5. Core Technologies & Libraries

  • Test Runner: Pytest is the primary framework for writing and running tests.
  • Asynchronous Testing: pytest-asyncio is used to test async code, with the anyio_backend fixture configured to use asyncio.
  • Mocking:
    • unittest.mock: Used for standard mocking of objects and functions.
    • vcrpy: Used to record and replay HTTP interactions, ensuring tests that involve APIs are fast and reliable. Cassettes are stored in tests/cassettes/.
  • Assertions: Custom assertion helpers are defined in tests/helpers/assertions/ to provide more descriptive failure messages.

6. Key Fixtures & Environment

Fixtures provide a fixed baseline for tests. The test environment is automatically configured by the setup_test_environment fixture in tests/conftest.py, which sets ENVIRONMENT="test" and other variables for every test session.

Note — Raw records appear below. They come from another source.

Let collected_count q' :
  length (filter (query_round_msg q' p rd) (pre ++ post)) + length (filter (is_resp_from q') rs) <= 1.
Proof.
  pose proof (round_count q') as C. rewrite !filter_app, !length_app in *. simpl in *.
  destruct (Nat.eqb_spec q q') as [<-|Hne].
  - rewrite round_msg_m in C. simpl in *. lia.
  - destruct (query_round_msg q' p rd m); simpl in *; lia.
Qed.

Let s_wait := mkL l (rid s) (tvps s) rs (reading s) (rreg s) (rval s) (busy s) (opcnt s) (crashed s).
Let c_wait := mkC (updf (loc c) p s_wait) (pre ++ post).

Let M_wait : lstate_mono (loc c) (loc c_wait).
Proof. apply lstate_mono_updf; unfold s_wait, l, s; simpl; try lia; intros; apply ts_le_refl. Qed.

Lemma channel_inv_collect_response : channel_inv n c_wait g A R.
Proof.
  destruct I as [IG IC IW]. destruct Hround as (Hb & _ & _).
  split; simpl.
  - intros p'. case_proc p' p; [rewrite Hb; discriminate|apply IC].
  - intros p' ph. case_proc p' p; apply IC.
  - intros p' e. case_proc p' p; [|apply IC].
    intros He. destruct (collected_wf e He) as [X _].
    apply (entry_wf_mono X); auto using incl_refl. unfold s_wait, l; simpl; lia.
  - intros p'. case_proc p' p; [exact collected_nodup|apply IC].
  - intros q' p' rd'. pose proof (query_round_single IC q' p' rd') as C.
    rewrite Hnet, !filter_app, !length_app in C. simpl in C. rewrite filter_app, length_app.
    case_proc p' p.
    + fold s in C. rewrite Hrid_s in *. destruct (Nat.eqb_spec rd rd') as [E|_]; [subst rd'|].
      * pose proof (collected_count q') as X.
        rewrite filter_app, length_app in X. unfold rs in X; simpl in X. lia.
      * destruct (query_round_msg q' p rd' m); simpl in C; lia.
    + destruct (query_round_msg q' p' rd' m); simpl in C; lia.
  - intros x Hx. apply (net_wf IC). rewrite Hnet. apply in_app_insert, Hx.
Qed.

Lemma abd_inv_collect_response :
  abd_inv n c_wait tr g A R.
Proof.
  split; [exact (registry_inv_mono (inv_registry I) M_wait)|exact channel_inv_collect_response
         |exact (witness_inv_mono (inv_witness I) M_wait)].
Qed.
(* entries of A(x), indices 0..N-1 *)
Definition amat (x : nat -> R) (m n : nat) : R :=
  if Nat.eq_dec m n then 0 else / (x m - x n).

Definition vnorm2 (N : nat) (v : nat -> R) : R := sumR N (fun i => v i ^ 2).

Definition applyA (N : nat) (x : nat -> R) (v : nat -> R) (m : nat) : R :=
  sumR N (fun n => amat x m n * v n).

Definition opset (N : nat) (x : nat -> R) (r : R) : Prop :=
  exists v : nat -> R, vnorm2 N v <= 1 /\ r = sqrt (vnorm2 N (applyA N x v)).

(* operator norm = sup of the above set (which is bounded and nonempty) *)
Definition opnorm (N : nat) (x : nat -> R) : R :=
  match excluded_middle_informative (exists s, is_lub (opset N x) s) with
  | left H => proj1_sig (constructive_indefinite_description _ H)
  | right _ => 0
  end.

(* Lower bound: A applied to a basis vector e_m is the m-th column of A, whose
   squared norm equals the m-th row sum of squares because A is antisymmetric.

   Upper bound: for pairwise distinct nodes the entries satisfy the three-term
   identity a_{mn} a_{mk} = a_{kn} a_{mk} - a_{kn} a_{mn} (m, n, k distinct).
   Expanding |Av|^2 = sum_{m,n,k} a_{mn} a_{mk} v_n v_k with it yields
     |Av|^2 = Q(v) - 2 sum_k s_k v_k (Av)_k,     Q(v) <= 3 M |v|^2,
   where s_k is the k-th row sum and M the largest row sum of squares.  If v
   satisfied A^2 v = -mu v with mu = |A|^2, adding this identity for v (times
   mu) and for Av would cancel the s-terms and give mu <= 3 M.  Lacking a
   spectral theorem we use near-maximisers of |Av| instead: the residual
   A^2 v + mu v is controlled by the deficit mu - |Av|^2, and letting the
   deficit tend to 0 gives the same conclusion. *)

From Stdlib Require Import Reals Lra Lia Psatz Classical ClassicalEpsilon.
Open Scope R_scope.

Lemma sumR_ext n f g : (forall i, (i < n)%nat -> f i = g i) -> sumR n f = sumR n g.
Proof.
  induction n as [|n IH]; intros H; simpl; [reflexivity|].
  rewrite IH by (intros; apply H; lia). rewrite H by lia. reflexivity.
Qed.

Lemma sumR_zero n : sumR n (fun _ => 0) = 0.
Proof. induction n as [|n IH]; simpl; [|rewrite IH]; ring. Qed.

Lemma sumR_plus n f g : sumR n (fun i => f i + g i) = sumR n f + sumR n g.
Proof. induction n as [|n IH]; simpl; [|rewrite IH]; ring. Qed.

Lemma sumR_minus n f g : sumR n (fun i => f i - g i) = sumR n f - sumR n g.
Proof. induction n as [|n IH]; simpl; [|rewrite IH]; ring. Qed.

Lemma sumR_opp n f : sumR n (fun i => - f i) = - sumR n f.
Proof. induction n as [|n IH]; simpl; [|rewrite IH]; ring. Qed.

Lemma sumR_scal n c f : sumR n (fun i => c * f i) = c * sumR n f.
Proof. induction n as [|n IH]; simpl; [|rewrite IH]; ring. Qed.

Lemma sumR_scal_r n c f : sumR n (fun i => f i * c) = sumR n f * c.
Proof. induction n as [|n IH]; simpl; [|rewrite IH]; ring. Qed.

Lemma sumR_le n f g : (forall i, (i < n)%nat -> f i <= g i) -> sumR n f <= sumR n g.
Proof.
  induction n as [|n IH]; intros H; simpl; [lra|].
  apply Rplus_le_compat; [apply IH; intros; apply H|apply H]; lia.
Qed.

Lemma sumR_nonneg n f : (forall i, (i < n)%nat -> 0 <= f i) -> 0 <= sumR n f.
Proof. intros H. rewrite <- (sumR_zero n). now apply sumR_le. Qed.

Lemma sumR_term_le n f k :
  (forall i, (i < n)%nat -> 0 <= f i) -> (k < n)%nat -> f k <= sumR n f.
Proof.
  induction n as [|n IH]; intros H Hk; [lia|]. simpl.
  destruct (Nat.eq_dec k n) as [->|Hkn].
  - assert (0 <= sumR n f) by (apply sumR_nonneg; intros; apply H; lia). lra.
  - assert (f k <= sumR n f) by (apply IH; [intros; apply H|]; lia).
    pose proof (H n ltac:(lia)). lra.
Qed.

Lemma sumR_swap n m f :
  sumR n (fun i => sumR m (fun j => f i j)) = sumR m (fun j => sumR n (fun i => f i j)).
Proof.
  induction n as [|n IH]; simpl.
  - symmetry. apply sumR_zero.
  - rewrite IH, <- sumR_plus. reflexivity.
Qed.

Lemma sumR_mult n m f g :
  sumR n f * sumR m g = sumR n (fun i => sumR m (fun j => f i * g j)).
Proof.
  rewrite <- sumR_scal_r. apply sumR_ext; intros. rewrite <- sumR_scal. reflexivity.
Qed.

Lemma sumR_delta n k f :
  (k < n)%nat -> sumR n (fun i => if Nat.eq_dec k i then f i else 0) = f k.
Proof.
  induction n as [|n IH]; intros Hk; [lia|]. simpl.
  destruct (Nat.eq_dec k n) as [->|Hkn].
  - rewrite (sumR_ext n _ (fun _ => 0)), sumR_zero; [ring|].
    intros i Hi. destruct (Nat.eq_dec n i); [lia|reflexivity].
  - rewrite IH by lia. ring.
Qed.

(* Cauchy-Schwarz, via Lagrange's identity
   2 (sum f^2 sum g^2 - (sum f g)^2) = sum_{i,j} (f_i g_j - f_j g_i)^2. *)
Lemma cauchy_schwarz n f g :
  (sumR n (fun i => f i * g i)) ^ 2
  <= sumR n (fun i => f i ^ 2) * sumR n (fun i => g i ^ 2).
Proof.
  assert (Hlagrange :
    sumR n (fun i => sumR n (fun j => (f i * g j - f j * g i) ^ 2))
    = 2 * (sumR n (fun i => f i ^ 2) * sumR n (fun i => g i ^ 2)
           - (sumR n (fun i => f i * g i)) ^ 2)).
  { rewrite (sumR_ext n _ (fun i => sumR n (fun j => f i ^ 2 * g j ^ 2)
                                  + sumR n (fun j => g i ^ 2 * f j ^ 2)
                                  - 2 * sumR n (fun j => (f i * g i) * (f j * g j)))).
    2:{ intros i _. rewrite <- sumR_scal, <- sumR_plus, <- sumR_minus.
        apply sumR_ext; intros; ring. }
    rewrite sumR_minus, sumR_plus, sumR_scal, <- !sumR_mult. ring. }
  assert (0 <= sumR n (fun i => sumR n (fun j => (f i * g j - f j * g i) ^ 2))).
  { apply sumR_nonneg; intros; apply sumR_nonneg; intros; apply pow2_ge_0. }
  lra.
Qed.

  • Session-Scoped: anyio_backend, setup_test_environment
  • Function-Scoped: clean_state provides a fresh, default state for each test.
  • Imported Fixtures: The root conftest.py globally imports fixtures from tests/helpers/fixtures/ (config_fixtures, factory_fixtures, mock_fixtures, state_fixtures), making them available to all tests without explicit imports.

7. Test Markers

Custom Pytest markers are used to categorize tests:

  • @pytest.mark.unit: For unit tests.
  • @pytest.mark.integration: For integration tests.
  • @pytest.mark.e2e: For end-to-end tests.
  • @pytest.mark.slow: For tests that are known to be slow.
  • @pytest.mark.web: For tests requiring a live internet connection (used sparingly).
  • @pytest.mark.browser: For tests that require browser automation.

8. CI/CD Integration

[Placeholder] This section should describe how tests are run in the CI/CD pipeline (e.g., GitHub Actions). It should specify which test suites are run, how coverage is measured, and any other relevant details.

9. Test Policy Compliance & Quality Standards

No-Loops and No-Conditionals Policy

Our testing framework enforces strict quality standards to ensure maintainable, readable, and reliable tests:

Policy Rules:

  • No loops in test functions: Use @pytest.mark.parametrize or fixtures instead
  • No conditionals in test functions: Create separate test functions for different scenarios
  • All complex logic belongs in fixtures: Test functions should contain only assertions

Common Violations and Fixes:

Violation: Result Collection Validation

# ❌ VIOLATION: Loop in test function
def test_multiple_results():
    results = get_results()
    for result in results:
        assert result["status"] == "success"

# ✅ FIX: Use generator expression
def test_multiple_results():
    results = get_results()
    assert all(r["status"] == "success" for r in results)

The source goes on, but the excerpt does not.